-- EXTRACTED MATERIAL follows --

(* Fix a point $\mathbf{x}'\in\Omega\subset\mathbb{R}^2$ and let $\mathbf{F}=[\mathbf{F}_1,\mathbf{F}_2]\in\mathbb{R}^{3\times 2}$ have $\operatorname{rank}(\mathbf{F})=2$. Set $$\mathbf{b}(\mathbf{F})=\frac{\mathbf{F}_1\times\mathbf{F}_2}{|\mathbf{F}_1\times\mathbf{F}_2|^2}\in\mathbb{R}^3 .$$ Then $$W_{str}(\mathbf{x}',\mathbf{F})=W_{3D}\big((\mathbf{x}',0),[\mathbf{F},\mathbf{b}(\mathbf{F})]\big),$$ where $[\mathbf{F},\mathbf{b}(\mathbf{F})]\in\mathbb{R}^{3\times3}$ is the matrix whose first two columns are those of $\mathbf{F}$ and whose third column is $\mathbf{b}(\mathbf{F})$.
   Context: Let $\Omega\subset\mathbb{R}^2$ be a bounded Lipschitz domain. At the point $\mathbf{x}'$ we are given scalars $s,s_0$ with $-1<s,s_0<\infty$ (values at $\mathbf{x}'$ of given functions $s,s_0\in L^\infty(\Omega)$) and a unit vector $\mathbf{m}\in\mathbb{S}^1\subset\mathbb{R}^2$ (the value at $\mathbf{x}'$ of the blueprinted director field). We identify $\mathbf{m}$ with $(\mathbf{m},0)^T\in\mathbb{R}^3$ whenever a vector in $\mathbb{R}^3$ is needed. Define $\lambda=\big(\tfrac{s+1}{s_0+1}\big)^{1/3}$. The 3D energy density. For $\mathbf{G}\in\mathbb{R}^{3\times3}$ with $\mathbf{G}\mathbf{m}\neq 0$, set $\mathbf{n}=\mathbf{G}\mathbf{m}/|\mathbf{G}\mathbf{m}|$ and $$\mathbf{L}_{\mathbf{m}}=(s_0+1)^{-1/3}(\mathrm{Id}_3+s_0\,\mathbf{m}\otimes\mathbf{m}),\qquad \mathbf{L}_{\mathbf{n}}=(s+1)^{-1/3}(\mathrm{Id}_3+s\,\mathbf{n}\otimes\mathbf{n}).$$ Then $$W_{3D}\big((\mathbf{x}',0),\mathbf{G}\big)=\operatorname{tr}\big(\mathbf{G}^T\mathbf{L}_{\mathbf{n}}^{-1}\mathbf{G}\mathbf{L}_{\mathbf{m}}\big)-3 .$$ The stretching energy density. For $\mathbf{F}\in\mathbb{R}^{3\times2}$ of rank 2, let $\mathrm{I}(\mathbf{F})=\mathbf{F}^T\mathbf{F}$, $J(\mathbf{F})=\det\mathrm{I}(\mathbf{F})$ and $C_{\mathbf{m}}(\mathbf{F})=\mathbf{m}\cdot\mathrm{I}(\mathbf{F})\mathbf{m}$. Then $$W_{str}(\mathbf{x}',\mathbf{F})=\lambda\Big[\frac{1}{J(\mathbf{F})}+\frac{1}{s+1}\Big(\operatorname{tr}\mathrm{I}(\mathbf{F})+s_0\,C_{\mathbf{m}}(\mathbf{F})+s\,\frac{J(\mathbf{F})}{C_{\mathbf{m}}(\mathbf{F})}\Big)\Big]-3 .$$ *)

From HB Require Import structures.
From mathcomp Require Import all_boot all_order all_algebra.
From mathcomp Require Import reals exp.
Set Implicit Arguments. Unset Strict Implicit. Unset Printing Implicit Defensive.
Import Order.TTheory GRing.Theory Num.Theory.
Local Open Scope ring_scope.

Section Defs.
Variable R : realType.

Definition i0 : 'I_2 := @Ordinal 2 0 isT.
Definition i1 : 'I_2 := @Ordinal 2 1 isT.

(* the planar director m : R^2 identified with (m,0)^T in R^3 *)
Definition embed3 (m : 'cV[R]_2) : 'cV[R]_3 :=
  \col_(i < 3) (if (i : nat) == 0%N then m i0 0
                else if (i : nat) == 1%N then m i1 0 else 0).

Definition vnorm (v : 'cV[R]_3) : R := Num.sqrt (\sum_i v i 0 ^+ 2).

Definition crossv (u v : 'cV[R]_3) : 'cV[R]_3 :=
  \col_(i < 3)
    (if (i : nat) == 0%N then u (inord 1) 0 * v (inord 2) 0 - u (inord 2) 0 * v (inord 1) 0
     else if (i : nat) == 1%N then u (inord 2) 0 * v (inord 0) 0 - u (inord 0) 0 * v (inord 2) 0
     else u (inord 0) 0 * v (inord 1) 0 - u (inord 1) 0 * v (inord 0) 0).

Definition bvec (F : 'M[R]_(3,2)) : 'cV[R]_3 :=
  let c := crossv (col i0 F) (col i1 F) in (vnorm c ^+ 2)^-1 *: c.

Definition augment (F : 'M[R]_(3,2)) (b : 'cV[R]_3) : 'M[R]_3 :=
  \matrix_(i < 3, j < 3)
    (if (j : nat) == 0%N then F i i0 else if (j : nat) == 1%N then F i i1 else b i 0).

Definition Lstep (t : R) (v : 'cV[R]_3) : 'M[R]_3 :=
  (powR (t + 1) (- 3%:R^-1)) *: (1%:M + t *: (v *m v^T)).

Definition W3D (s s0 : R) (m : 'cV[R]_2) (G : 'M[R]_3) : R :=
  let m3 := embed3 m in
  let Gm := G *m m3 in
  let n := (vnorm Gm)^-1 *: Gm in
  \tr (G^T *m invmx (Lstep s n) *m G *m Lstep s0 m3) - 3%:R.

Definition Imat (F : 'M[R]_(3,2)) : 'M[R]_2 := F^T *m F.
Definition Jdet (F : 'M[R]_(3,2)) : R := \det (Imat F).
Definition Cm (m : 'cV[R]_2) (F : 'M[R]_(3,2)) : R := (m^T *m Imat F *m m) 0 0.

Definition lam (s s0 : R) : R := powR ((s + 1) / (s0 + 1)) 3%:R^-1.

Definition Wstr (s s0 : R) (m : 'cV[R]_2) (F : 'M[R]_(3,2)) : R :=
  lam s s0 * ((Jdet F)^-1 + (s + 1)^-1 *
     (\tr (Imat F) + s0 * Cm m F + s * (Jdet F / Cm m F))) - 3%:R.

End Defs.

From HB Require Import structures.
From mathcomp Require Import all_boot all_order all_algebra.
From mathcomp Require Import reals exp.
From mathcomp Require Import ring lra.
Set Implicit Arguments. Unset Strict Implicit. Unset Printing Implicit Defensive.
Import Order.TTheory GRing.Theory Num.Theory.
Local Open Scope ring_scope.

(* Put G = [F, b] with b = (F1 x F2) / |F1 x F2|^2.  Then G (m, 0) = F m, so the
   director n of W_3D is F m / |F m| and |F m|^2 = C_m.  Since b is orthogonal to
   the columns of F and |b|^2 = 1 / J, we get G G^T = F F^T + b b^T, whence
   |G|^2 = tr I + 1 / J and |G^T F m|^2 = m . I^2 m = tr I * C_m - J by
   Cayley-Hamilton for the 2 x 2 matrix I (m is a unit vector).  Inverting L_n by
   the Sherman-Morrison formula turns the trace in W_3D into a rational expression
   in tr I, J and C_m, which is the one defining W_str. *)

Local Notation "''[' u , v ]" := ((u^T *m v) 0 0) : ring_scope.

(* Rewriting a matrix with [mx_inordE] before expanding its products and sums
   makes every entry a literal [A (inord k) (inord l)], so [ring] sees equal
   entries as equal atoms. *)
Lemma mx_inordE (R : Type) m n (A : 'M[R]_(m.+1, n.+1)) :
  A = \matrix_(i, j) A (inord i) (inord j).
Proof. by apply/matrixP => i j; rewrite mxE !inord_val. Qed.

Ltac expand_entries :=
  do 4!rewrite ?(mxE, big_ord_recr, big_ord0) /=; rewrite ?inordK //.

Section MatrixIdentities.
Variable R : comPzRingType.

Lemma det_mx22 (A : 'M[R]_2) : \det A = A 0 0 * A 1 1 - A 0 1 * A 1 0.
Proof.
rewrite (mx_inordE A) (expand_det_row _ 0) !big_ord_recr big_ord0.
rewrite /cofactor !det_mx11 !mxE /= /bump /=.
ring.
Qed.

Lemma Cayley_Hamilton_mx22 (A : 'M[R]_2) : A *m A = \tr A *: A - (\det A)%:M.
Proof.
rewrite det_mx22 /mxtrace (mx_inordE A); apply/matrixP => i j.
case: i j => [[|[|//]] ?] [[|[|//]] ?]; expand_entries; ring.
Qed.

Lemma mxtrace_mul_outer n (Q : 'M[R]_n) (x y : 'cV[R]_n) :
  \tr (Q *m (x *m y^T)) = '[y, Q *m x].
Proof. by rewrite mulmxA mxtrace_mulC trace_mx11 mulmxA. Qed.

Lemma trmxZ m n (k : R) (A : 'M[R]_(m, n)) : (k *: A)^T = k *: A^T.
Proof. exact: linearZ. Qed.

Lemma dotC n (x y : 'cV[R]_n) : '[x, y] = '[y, x].
Proof. by rewrite !mxE; apply: eq_bigr => i _; rewrite !mxE mulrC. Qed.

Lemma mxtrace_rank1_updates n (G : 'M[R]_n) (w v : 'cV[R]_n) (t u : R) :
  \tr (G^T *m (1%:M - t *: (w *m w^T)) *m G *m (1%:M + u *: (v *m v^T))) =
  \tr (G^T *m G) + u * '[G *m v, G *m v] - t * '[G^T *m w, G^T *m w]
    - t * u * '[G^T *m w, v] ^+ 2.
Proof.
set z := G^T *m w.
have GPG : G^T *m (w *m w^T) *m G = z *m z^T by rewrite trmx_mul trmxK !mulmxA.
rewrite mulmxBr mulmx1 mulmxBl -scalemxAr -scalemxAl GPG.
rewrite mulmxBl mulmxDr mulmx1 -scalemxAr.
rewrite linearB !linearD /= mulmx1 -!scalemxAl -scalemxAr !mxtraceZ.
rewrite !mxtrace_mul_outer [\tr (z *m _)]mxtrace_mulC trace_mx11.
have -> : '[v, z *m z^T *m v] = '[z, v] ^+ 2.
  by rewrite mulmxA mulmxA -(mulmxA _ z^T) mxE big_ord1 dotC expr2.
have -> : '[v, G^T *m G *m v] = '[G *m v, G *m v] by rewrite trmx_mul !mulmxA.
ring.
Qed.

End MatrixIdentities.

Lemma invmx_rank1_update (R : fieldType) n (a t : R) (v : 'cV[R]_n) :
  a != 0 -> t + 1 != 0 -> '[v, v] = 1 ->
  invmx (a *: (1%:M + t *: (v *m v^T))) = a^-1 *: (1%:M - (t / (t + 1)) *: (v *m v^T)).
Proof.
move=> a0 t1 vv.
have P2 : (v *m v^T) *m (v *m v^T) = v *m v^T.
  by rewrite mulmxA -(mulmxA v) [v^T *m v]mx11_scalar vv mul_mx_scalar scale1r.
have inv : (a *: (1%:M + t *: (v *m v^T))) *m
           (a^-1 *: (1%:M - (t / (t + 1)) *: (v *m v^T))) = 1%:M.
  rewrite -scalemxAl -scalemxAr scalerA mulfV // scale1r.
  rewrite mulmxDl mulmxBr mulmxBr !mul1mx mulmx1 -!scalemxAl -!scalemxAr P2 scalerA.
  by apply/matrixP => i j; rewrite !mxE; field.
have [unit_L _] := mulmx1_unit inv.
by rewrite -[RHS](mulKmx unit_L) inv mulmx1.
Qed.

Section GramForm.
Variable R : realFieldType.

Lemma dot_self_eq0 n (x : 'cV[R]_n) : ('[x, x] == 0) = (x == 0).
Proof.
rewrite mxE psumr_eq0 => [|i _]; last by rewrite mxE -expr2 sqr_ge0.
apply/allP/eqP => [x0 | -> i _]; last by rewrite /= !mxE mulr0.
apply/colP => i; have /eqP := x0 i (mem_index_enum _).
by rewrite !mxE -expr2 => /eqP; rewrite sqrf_eq0 => /eqP.
Qed.

Lemma gram_form_eq0 m n (F : 'M[R]_(m, n)) (x : 'cV[R]_n) :
  \rank F = n -> '[F *m x, F *m x] = 0 -> x = 0.
Proof.
move=> rkF /eqP; rewrite dot_self_eq0 -trmx_eq0 trmx_mul mulmx_free_eq0.
  by rewrite trmx_eq0 => /eqP.
by rewrite /row_free mxrank_tr rkF.
Qed.

Lemma det_gram_neq0 m n (F : 'M[R]_(m, n)) : \rank F = n -> \det (F^T *m F) != 0.
Proof.
move=> rkF; apply/negP => /det0P [v v0 vFF]; case/eqP: v0.
apply: trmx_inj; rewrite trmx0; apply: (gram_form_eq0 rkF).
by rewrite trmx_mul trmxK !mulmxA -(mulmxA v) vFF mul0mx mxE.
Qed.

End GramForm.

Lemma powRV (R : realType) (y r : R) : 0 <= y -> powR y^-1 r = (powR y r)^-1.
Proof. by move=> y0; rewrite -powR_inv1 // -powRrM mulN1r powRN. Qed.

Section Energies.
Variable R : realType.
Implicit Types (m : 'cV[R]_2) (F : 'M[R]_(3, 2)) (G : 'M[R]_3) (b u v : 'cV[R]_3).

Lemma augment_row_mx F b : augment F b = row_mx F b.
Proof.
apply/matrixP => i j; rewrite !mxE; case: splitP => k.
- by move=> ->; case: k => [[|[|//]] ?] /=; congr (F i _); apply: val_inj.
- by rewrite (ord1 k) => ->.
Qed.

Lemma embed3_col_mx m : embed3 m = col_mx m 0.
Proof.
apply/matrixP => i j; rewrite !mxE ord1; case: splitP => k.
- by move=> ->; case: k => [[|[|//]] ?] /=; congr (m _ _); apply: val_inj.
- by rewrite (ord1 k) => ->; rewrite mxE.
Qed.

Lemma augment_mul_embed3 F b m : augment F b *m embed3 m = F *m m.
Proof.
by rewrite augment_row_mx embed3_col_mx (mul_row_col F b m 0) mulmx0 addr0.
Qed.

Lemma augment_mul_tr F b : augment F b *m (augment F b)^T = F *m F^T + b *m b^T.
Proof. by rewrite augment_row_mx (tr_row_mx F b) (mul_row_col F b F^T b^T). Qed.

Lemma mxtrace_augment F b : \tr ((augment F b)^T *m augment F b) = \tr (Imat F) + '[b, b].
Proof.
rewrite mxtrace_mulC augment_mul_tr mxtraceD [\tr (F *m _)]mxtrace_mulC.
by rewrite [\tr (b *m _)]mxtrace_mulC trace_mx11.
Qed.

Lemma crossv_dotl u v : '[u, crossv u v] = 0.
Proof. rewrite /crossv (mx_inordE u) (mx_inordE v); expand_entries; ring. Qed.

Lemma crossv_dotr u v : '[v, crossv u v] = 0.
Proof. rewrite /crossv (mx_inordE u) (mx_inordE v); expand_entries; ring. Qed.

Lemma dot_crossv u v : '[crossv u v, crossv u v] = '[u, u] * '[v, v] - '[u, v] ^+ 2.
Proof. rewrite /crossv (mx_inordE u) (mx_inordE v); expand_entries; ring. Qed.

Lemma mulmx_trmx_entry k p q (A : 'M[R]_(k, p)) (B : 'M[R]_(k, q)) i j :
  (A^T *m B) i j = '[col i A, col j B].
Proof. by rewrite !mxE; apply: eq_bigr => l _; rewrite !mxE. Qed.

Lemma trmx_mul_crossv_cols F : F^T *m crossv (col i0 F) (col i1 F) = 0.
Proof.
apply/colP => j; rewrite [RHS]mxE mulmx_trmx_entry col_id.
have [->|->] : j = i0 \/ j = i1.
  by case: j => [[|[|//]] ?]; [left | right]; apply: val_inj.
- by rewrite crossv_dotl.
- by rewrite crossv_dotr.
Qed.

Lemma Jdet_cols F :
  Jdet F = '[col i0 F, col i0 F] * '[col i1 F, col i1 F] - '[col i0 F, col i1 F] ^+ 2.
Proof.
have -> : i0 = 0 :> 'I_2 by apply: val_inj.
have -> : i1 = 1 :> 'I_2 by apply: val_inj.
rewrite /Jdet /Imat det_mx22 !(mulmx_trmx_entry F F).
by rewrite (dotC (col 1 F) (col 0 F)) expr2.
Qed.

Lemma vnorm_sqr v : vnorm v ^+ 2 = '[v, v].
Proof.
rewrite /vnorm sqr_sqrtr; last by apply: sumr_ge0 => i _; rewrite sqr_ge0.
by rewrite mxE; apply: eq_bigr => i _; rewrite mxE expr2.
Qed.

Lemma bvecE F : bvec F = (Jdet F)^-1 *: crossv (col i0 F) (col i1 F).
Proof. by rewrite /bvec /= vnorm_sqr dot_crossv -Jdet_cols. Qed.

Lemma trmx_mul_bvec F : F^T *m bvec F = 0.
Proof. by rewrite bvecE -scalemxAr trmx_mul_crossv_cols scaler0. Qed.

Lemma dot_bvec F : '[bvec F, bvec F] = (Jdet F)^-1.
Proof.
rewrite bvecE trmxZ -scalemxAl -scalemxAr scalerA mxE dot_crossv -Jdet_cols.
by have [->|J0] := eqVneq (Jdet F) 0; [rewrite invr0 mulr0 | field].
Qed.

Lemma CmE m F : Cm m F = '[F *m m, F *m m].
Proof. by rewrite /Cm /Imat trmx_mul !mulmxA. Qed.

Lemma dot_self_cV2 m : '[m, m] = m i0 0 ^+ 2 + m i1 0 ^+ 2.
Proof. rewrite (mx_inordE m) /i0 /i1; expand_entries; ring. Qed.

Lemma lamE (s s0 : R) : -1 < s -> -1 < s0 ->
  lam s s0 = (powR (s + 1) (- 3%:R^-1))^-1 * powR (s0 + 1) (- 3%:R^-1).
Proof.
move=> hs hs0; rewrite /lam !powRN invrK powRM ?powRV ?invr_ge0 //; lra.
Qed.

Lemma W3DE (s s0 : R) m G : -1 < s -> -1 < s0 -> G *m embed3 m != 0 ->
  let g := G *m embed3 m in
  W3D s s0 m G = lam s s0 * (\tr (G^T *m G) + s0 * '[g, g]
    - s / (s + 1) * ('[G^T *m g, G^T *m g] / '[g, g] + s0 * '[g, g])) - 3%:R.
Proof.
move=> hs hs0 g0 g; rewrite /W3D -/g lamE // /Lstep.
set a := powR (s + 1) _; set b := powR (s0 + 1) _.
have a0 : a != 0 by rewrite powR_eq0 negb_and; apply/orP; left; apply/eqP; lra.
have s1 : s + 1 != 0 by apply/eqP; lra.
have gg : '[g, g] != 0 by rewrite dot_self_eq0.
set n := (vnorm g)^-1 *: g.
have nnE : n *m n^T = '[g, g]^-1 *: (g *m g^T).
  by rewrite trmxZ -scalemxAl -scalemxAr scalerA -expr2 exprVn vnorm_sqr.
have nn : '[n, n] = 1.
  by rewrite trmxZ -scalemxAl -scalemxAr scalerA mxE -expr2 exprVn vnorm_sqr mulVf.
rewrite invmx_rank1_update // nnE scalerA.
rewrite -!scalemxAr -!scalemxAl -?scalemxAr -?scalemxAl !mxtraceZ mxtrace_rank1_updates -/g.
have -> : '[G^T *m g, embed3 m] = '[g, g] by rewrite trmx_mul trmxK -mulmxA.
by field; rewrite a0 s1 gg.
Qed.

Lemma Cm_neq0 m F : \rank F = 2 -> m != 0 -> Cm m F != 0.
Proof. by move=> rkF m0; apply: contra_neq m0; rewrite CmE; exact: gram_form_eq0. Qed.

Lemma dot_tr_augment_bvec m F :
  let w := (augment F (bvec F))^T *m (F *m m) in
  '[w, w] = '[m, Imat F *m Imat F *m m].
Proof.
rewrite /= trmx_mul trmxK mulmxA -(mulmxA _ (augment F _)) augment_mul_tr.
have Fmb : (F *m m)^T *m bvec F = 0 by rewrite trmx_mul -mulmxA trmx_mul_bvec mulmx0.
rewrite mulmxDr mulmxDl [_ *m (bvec F *m _)]mulmxA Fmb !mul0mx addr0.
by rewrite /Imat trmx_mul !mulmxA.
Qed.

Lemma W3D_augment_bvec (s s0 : R) m F :
  -1 < s -> -1 < s0 -> \rank F = 2 -> '[m, m] = 1 ->
  W3D s s0 m (augment F (bvec F)) = lam s s0 * (\tr (Imat F) + (Jdet F)^-1 + s0 * Cm m F
    - s / (s + 1) * ((\tr (Imat F) * Cm m F - Jdet F) / Cm m F + s0 * Cm m F)) - 3%:R.
Proof.
move=> hs hs0 rkF mm.
have m0 : m != 0 by rewrite -dot_self_eq0 mm oner_neq0.
have Fm0 : F *m m != 0 by rewrite -dot_self_eq0 -CmE; exact: Cm_neq0.
have CH : '[m, Imat F *m Imat F *m m] = \tr (Imat F) * Cm m F - Jdet F.
  rewrite Cayley_Hamilton_mx22 mulmxBl mul_scalar_mx -scalemxAl mulmxBr -!scalemxAr.
  by rewrite mxE [(- _ : 'M_1) 0 0]mxE ![(_ *: _ : 'M_1) 0 0]mxE mm mulr1 mulmxA.
rewrite W3DE ?augment_mul_embed3 // -CmE mxtrace_augment dot_bvec.
by rewrite dot_tr_augment_bvec CH.
Qed.

End Energies.

Theorem lemma2p1 (R : realType) (s s0 : R) (m : 'cV[R]_2) (F : 'M[R]_(3,2))
  (hs : -1 < s) (hs0 : -1 < s0)
  (hm : m i0 0 ^+ 2 + m i1 0 ^+ 2 = 1)
  (hF : \rank F = 2%N) :
  Wstr s s0 m F = W3D s s0 m (augment F (bvec F)).
Proof.
have mm : '[m, m] = 1 by rewrite dot_self_cV2.
have m0 : m != 0 by rewrite -dot_self_eq0 mm oner_neq0.
have C0 := Cm_neq0 hF m0.
have J0 : Jdet F != 0 := det_gram_neq0 hF.
have s1 : s + 1 != 0 by apply/eqP; lra.
rewrite W3D_augment_bvec // /Wstr.
by field; rewrite C0 J0 s1.
Qed.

-- EXTRACTED MATERIAL concluded --

TASK DESCRIPTION :: The lines above from the one containing "Section Defs." through the one containing "Definition bvec (F" are to be set down exactly, and no others.

ANSWER SECTION ::
Section Defs.
Variable R : realType.

Definition i0 : 'I_2 := @Ordinal 2 0 isT.
Definition i1 : 'I_2 := @Ordinal 2 1 isT.

(* the planar director m : R^2 identified with (m,0)^T in R^3 *)
Definition embed3 (m : 'cV[R]_2) : 'cV[R]_3 :=
  \col_(i < 3) (if (i : nat) == 0%N then m i0 0
                else if (i : nat) == 1%N then m i1 0 else 0).

Definition vnorm (v : 'cV[R]_3) : R := Num.sqrt (\sum_i v i 0 ^+ 2).

Definition crossv (u v : 'cV[R]_3) : 'cV[R]_3 :=
  \col_(i < 3)
    (if (i : nat) == 0%N then u (inord 1) 0 * v (inord 2) 0 - u (inord 2) 0 * v (inord 1) 0
     else if (i : nat) == 1%N then u (inord 2) 0 * v (inord 0) 0 - u (inord 0) 0 * v (inord 2) 0
     else u (inord 0) 0 * v (inord 1) 0 - u (inord 1) 0 * v (inord 0) 0).

Definition bvec (F : 'M[R]_(3,2)) : 'cV[R]_3 :=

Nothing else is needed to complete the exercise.